Saved entries:

########################################

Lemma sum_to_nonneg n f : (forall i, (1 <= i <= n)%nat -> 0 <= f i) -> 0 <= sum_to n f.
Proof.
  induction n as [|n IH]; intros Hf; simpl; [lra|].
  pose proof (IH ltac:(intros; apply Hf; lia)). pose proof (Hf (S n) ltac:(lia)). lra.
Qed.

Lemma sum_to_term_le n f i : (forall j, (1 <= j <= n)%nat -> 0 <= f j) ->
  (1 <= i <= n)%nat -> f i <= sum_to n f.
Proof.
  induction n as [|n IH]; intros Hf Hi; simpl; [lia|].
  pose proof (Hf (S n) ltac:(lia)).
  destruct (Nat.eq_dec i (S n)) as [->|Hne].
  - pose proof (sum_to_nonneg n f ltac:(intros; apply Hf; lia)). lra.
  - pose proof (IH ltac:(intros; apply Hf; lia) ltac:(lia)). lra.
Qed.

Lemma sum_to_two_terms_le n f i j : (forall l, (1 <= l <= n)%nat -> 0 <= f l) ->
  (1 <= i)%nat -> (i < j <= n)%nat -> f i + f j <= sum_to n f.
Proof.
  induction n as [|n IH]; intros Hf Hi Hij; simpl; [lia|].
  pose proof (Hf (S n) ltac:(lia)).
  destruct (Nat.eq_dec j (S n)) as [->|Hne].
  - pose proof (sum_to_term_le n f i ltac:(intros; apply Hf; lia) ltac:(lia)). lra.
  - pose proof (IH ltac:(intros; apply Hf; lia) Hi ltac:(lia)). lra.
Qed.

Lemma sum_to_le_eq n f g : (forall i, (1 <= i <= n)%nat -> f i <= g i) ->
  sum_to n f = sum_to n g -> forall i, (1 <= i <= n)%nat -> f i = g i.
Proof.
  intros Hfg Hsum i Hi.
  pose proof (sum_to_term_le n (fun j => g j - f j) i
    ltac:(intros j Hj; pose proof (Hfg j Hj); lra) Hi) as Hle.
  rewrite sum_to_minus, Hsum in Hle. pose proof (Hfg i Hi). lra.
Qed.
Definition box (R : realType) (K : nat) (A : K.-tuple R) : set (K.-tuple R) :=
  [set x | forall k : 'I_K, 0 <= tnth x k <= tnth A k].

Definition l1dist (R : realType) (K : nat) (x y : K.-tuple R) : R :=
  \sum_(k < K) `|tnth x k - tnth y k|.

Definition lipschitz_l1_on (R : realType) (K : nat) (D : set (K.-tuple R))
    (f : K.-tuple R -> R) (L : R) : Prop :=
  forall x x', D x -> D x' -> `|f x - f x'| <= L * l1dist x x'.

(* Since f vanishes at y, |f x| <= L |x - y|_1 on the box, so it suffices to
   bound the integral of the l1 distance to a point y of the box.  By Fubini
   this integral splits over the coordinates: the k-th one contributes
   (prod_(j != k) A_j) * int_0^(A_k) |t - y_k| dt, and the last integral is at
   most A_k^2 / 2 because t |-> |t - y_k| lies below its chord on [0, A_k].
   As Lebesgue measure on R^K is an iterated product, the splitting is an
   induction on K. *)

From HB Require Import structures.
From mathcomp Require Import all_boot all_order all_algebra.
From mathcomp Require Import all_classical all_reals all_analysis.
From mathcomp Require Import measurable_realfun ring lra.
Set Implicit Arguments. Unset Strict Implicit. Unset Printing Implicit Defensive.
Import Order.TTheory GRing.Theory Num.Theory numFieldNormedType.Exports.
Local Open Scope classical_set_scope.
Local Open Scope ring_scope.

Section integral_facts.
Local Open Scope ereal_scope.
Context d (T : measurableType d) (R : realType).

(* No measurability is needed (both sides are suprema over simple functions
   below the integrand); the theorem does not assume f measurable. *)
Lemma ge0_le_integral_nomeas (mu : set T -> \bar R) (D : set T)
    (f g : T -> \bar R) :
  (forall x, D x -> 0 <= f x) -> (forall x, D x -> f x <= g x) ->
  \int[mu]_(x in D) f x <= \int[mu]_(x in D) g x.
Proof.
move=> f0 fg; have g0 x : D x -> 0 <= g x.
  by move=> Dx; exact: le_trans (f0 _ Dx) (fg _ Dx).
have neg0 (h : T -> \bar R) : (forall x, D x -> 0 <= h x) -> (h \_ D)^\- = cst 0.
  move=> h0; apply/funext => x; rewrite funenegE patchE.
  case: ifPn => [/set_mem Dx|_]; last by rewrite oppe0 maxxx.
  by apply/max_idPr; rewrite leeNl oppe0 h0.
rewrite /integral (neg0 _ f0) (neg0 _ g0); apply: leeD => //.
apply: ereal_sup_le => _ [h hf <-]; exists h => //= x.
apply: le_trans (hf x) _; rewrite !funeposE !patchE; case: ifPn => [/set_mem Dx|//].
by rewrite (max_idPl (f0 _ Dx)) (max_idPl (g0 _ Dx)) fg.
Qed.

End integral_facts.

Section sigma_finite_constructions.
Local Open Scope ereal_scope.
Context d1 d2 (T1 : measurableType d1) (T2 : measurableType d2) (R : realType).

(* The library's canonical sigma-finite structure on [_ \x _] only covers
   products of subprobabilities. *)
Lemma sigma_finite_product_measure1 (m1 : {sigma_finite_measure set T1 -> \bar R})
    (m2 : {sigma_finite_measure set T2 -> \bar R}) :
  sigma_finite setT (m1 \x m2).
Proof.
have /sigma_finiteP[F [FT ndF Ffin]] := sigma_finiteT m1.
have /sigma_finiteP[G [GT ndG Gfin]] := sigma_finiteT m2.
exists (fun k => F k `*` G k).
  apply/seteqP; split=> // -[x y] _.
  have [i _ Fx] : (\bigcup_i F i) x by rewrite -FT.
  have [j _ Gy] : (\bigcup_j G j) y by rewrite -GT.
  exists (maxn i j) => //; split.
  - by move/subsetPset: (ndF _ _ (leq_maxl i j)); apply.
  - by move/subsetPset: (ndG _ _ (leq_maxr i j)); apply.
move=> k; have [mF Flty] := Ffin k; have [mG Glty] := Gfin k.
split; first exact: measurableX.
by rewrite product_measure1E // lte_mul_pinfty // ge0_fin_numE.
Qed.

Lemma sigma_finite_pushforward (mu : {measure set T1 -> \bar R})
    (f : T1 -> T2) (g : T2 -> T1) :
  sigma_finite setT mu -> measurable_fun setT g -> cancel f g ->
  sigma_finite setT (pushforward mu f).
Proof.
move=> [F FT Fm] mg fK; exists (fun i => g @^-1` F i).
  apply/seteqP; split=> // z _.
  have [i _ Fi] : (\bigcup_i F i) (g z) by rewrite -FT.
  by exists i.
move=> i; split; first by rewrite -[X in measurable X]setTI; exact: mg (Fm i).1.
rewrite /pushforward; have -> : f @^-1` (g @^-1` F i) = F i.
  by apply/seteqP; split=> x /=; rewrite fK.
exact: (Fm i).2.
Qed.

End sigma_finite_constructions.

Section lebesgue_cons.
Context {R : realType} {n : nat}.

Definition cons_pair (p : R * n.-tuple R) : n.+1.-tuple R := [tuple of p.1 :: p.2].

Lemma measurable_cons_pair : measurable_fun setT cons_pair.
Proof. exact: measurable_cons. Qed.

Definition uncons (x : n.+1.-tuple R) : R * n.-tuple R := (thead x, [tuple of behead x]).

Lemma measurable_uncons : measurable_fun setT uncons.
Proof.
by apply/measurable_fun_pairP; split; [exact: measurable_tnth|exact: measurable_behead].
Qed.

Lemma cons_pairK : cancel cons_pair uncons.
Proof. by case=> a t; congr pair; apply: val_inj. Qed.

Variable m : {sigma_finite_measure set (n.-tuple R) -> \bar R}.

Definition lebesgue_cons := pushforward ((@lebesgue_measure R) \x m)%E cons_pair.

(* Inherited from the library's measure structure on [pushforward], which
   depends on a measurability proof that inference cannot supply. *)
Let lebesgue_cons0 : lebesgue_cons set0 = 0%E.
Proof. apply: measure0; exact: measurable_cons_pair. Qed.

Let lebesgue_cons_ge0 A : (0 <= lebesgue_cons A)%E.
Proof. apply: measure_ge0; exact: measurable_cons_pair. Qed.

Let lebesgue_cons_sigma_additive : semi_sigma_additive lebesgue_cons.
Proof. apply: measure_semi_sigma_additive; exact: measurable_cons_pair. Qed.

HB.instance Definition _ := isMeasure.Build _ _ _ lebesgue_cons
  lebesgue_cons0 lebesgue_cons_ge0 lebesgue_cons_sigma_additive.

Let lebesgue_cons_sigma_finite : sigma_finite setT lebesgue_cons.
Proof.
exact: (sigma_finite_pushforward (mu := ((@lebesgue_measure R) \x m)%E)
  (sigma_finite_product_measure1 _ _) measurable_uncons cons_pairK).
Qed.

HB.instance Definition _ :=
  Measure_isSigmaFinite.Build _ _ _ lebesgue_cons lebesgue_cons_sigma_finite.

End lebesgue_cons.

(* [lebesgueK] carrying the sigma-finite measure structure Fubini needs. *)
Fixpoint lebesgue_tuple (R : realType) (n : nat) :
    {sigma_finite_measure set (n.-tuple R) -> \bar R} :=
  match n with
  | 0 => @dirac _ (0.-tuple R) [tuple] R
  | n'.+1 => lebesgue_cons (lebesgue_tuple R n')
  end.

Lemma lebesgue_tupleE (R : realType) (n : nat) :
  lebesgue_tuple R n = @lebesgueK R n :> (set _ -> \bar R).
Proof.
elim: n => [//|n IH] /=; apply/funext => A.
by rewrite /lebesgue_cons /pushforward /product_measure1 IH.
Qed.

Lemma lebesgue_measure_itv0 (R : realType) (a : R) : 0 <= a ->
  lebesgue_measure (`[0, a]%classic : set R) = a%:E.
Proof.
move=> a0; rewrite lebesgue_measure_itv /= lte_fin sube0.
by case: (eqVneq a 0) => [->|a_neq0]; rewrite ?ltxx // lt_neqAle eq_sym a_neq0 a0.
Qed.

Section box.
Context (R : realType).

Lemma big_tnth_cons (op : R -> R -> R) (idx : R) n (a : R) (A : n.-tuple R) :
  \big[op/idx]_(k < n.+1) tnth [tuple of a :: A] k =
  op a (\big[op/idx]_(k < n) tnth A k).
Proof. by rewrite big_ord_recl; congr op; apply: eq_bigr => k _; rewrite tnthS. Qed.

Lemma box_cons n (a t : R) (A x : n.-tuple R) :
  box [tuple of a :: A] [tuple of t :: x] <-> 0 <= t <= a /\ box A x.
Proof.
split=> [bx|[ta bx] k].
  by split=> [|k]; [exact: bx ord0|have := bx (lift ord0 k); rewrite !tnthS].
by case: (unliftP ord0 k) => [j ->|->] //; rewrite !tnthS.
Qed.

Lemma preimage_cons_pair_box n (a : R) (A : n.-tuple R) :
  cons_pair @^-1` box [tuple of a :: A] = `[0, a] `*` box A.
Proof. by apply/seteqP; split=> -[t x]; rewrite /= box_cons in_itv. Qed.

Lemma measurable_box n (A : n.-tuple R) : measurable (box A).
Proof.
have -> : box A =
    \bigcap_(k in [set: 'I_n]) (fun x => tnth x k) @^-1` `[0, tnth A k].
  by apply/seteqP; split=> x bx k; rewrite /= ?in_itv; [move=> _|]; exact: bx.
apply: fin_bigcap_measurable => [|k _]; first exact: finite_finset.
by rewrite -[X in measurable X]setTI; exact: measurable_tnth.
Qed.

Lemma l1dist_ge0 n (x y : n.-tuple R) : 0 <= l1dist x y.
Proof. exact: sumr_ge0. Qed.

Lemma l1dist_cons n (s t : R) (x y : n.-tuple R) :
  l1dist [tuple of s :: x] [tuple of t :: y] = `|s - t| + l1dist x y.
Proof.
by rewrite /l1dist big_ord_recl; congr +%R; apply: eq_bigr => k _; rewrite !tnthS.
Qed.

########################################

_WORK ORDER:_
In the data above, start at the line that has "induction on K. *)", stop after the line that has "products of subprobabilities. *)", and print every line in between exactly as it stands.

_EXERCISE RESULT:_
   induction on K. *)

From HB Require Import structures.
From mathcomp Require Import all_boot all_order all_algebra.
From mathcomp Require Import all_classical all_reals all_analysis.
From mathcomp Require Import measurable_realfun ring lra.
Set Implicit Arguments. Unset Strict Implicit. Unset Printing Implicit Defensive.
Import Order.TTheory GRing.Theory Num.Theory numFieldNormedType.Exports.
Local Open Scope classical_set_scope.
Local Open Scope ring_scope.

Section integral_facts.
Local Open Scope ereal_scope.
Context d (T : measurableType d) (R : realType).

(* No measurability is needed (both sides are suprema over simple functions
   below the integrand); the theorem does not assume f measurable. *)
Lemma ge0_le_integral_nomeas (mu : set T -> \bar R) (D : set T)
    (f g : T -> \bar R) :
  (forall x, D x -> 0 <= f x) -> (forall x, D x -> f x <= g x) ->
  \int[mu]_(x in D) f x <= \int[mu]_(x in D) g x.
Proof.
move=> f0 fg; have g0 x : D x -> 0 <= g x.
  by move=> Dx; exact: le_trans (f0 _ Dx) (fg _ Dx).
have neg0 (h : T -> \bar R) : (forall x, D x -> 0 <= h x) -> (h \_ D)^\- = cst 0.
  move=> h0; apply/funext => x; rewrite funenegE patchE.
  case: ifPn => [/set_mem Dx|_]; last by rewrite oppe0 maxxx.
  by apply/max_idPr; rewrite leeNl oppe0 h0.
rewrite /integral (neg0 _ f0) (neg0 _ g0); apply: leeD => //.
apply: ereal_sup_le => _ [h hf <-]; exists h => //= x.
apply: le_trans (hf x) _; rewrite !funeposE !patchE; case: ifPn => [/set_mem Dx|//].
by rewrite (max_idPl (f0 _ Dx)) (max_idPl (g0 _ Dx)) fg.
Qed.

End integral_facts.

Section sigma_finite_constructions.
Local Open Scope ereal_scope.
Context d1 d2 (T1 : measurableType d1) (T2 : measurableType d2) (R : realType).

(* The library's canonical sigma-finite structure on [_ \x _] only covers
   products of subprobabilities. *)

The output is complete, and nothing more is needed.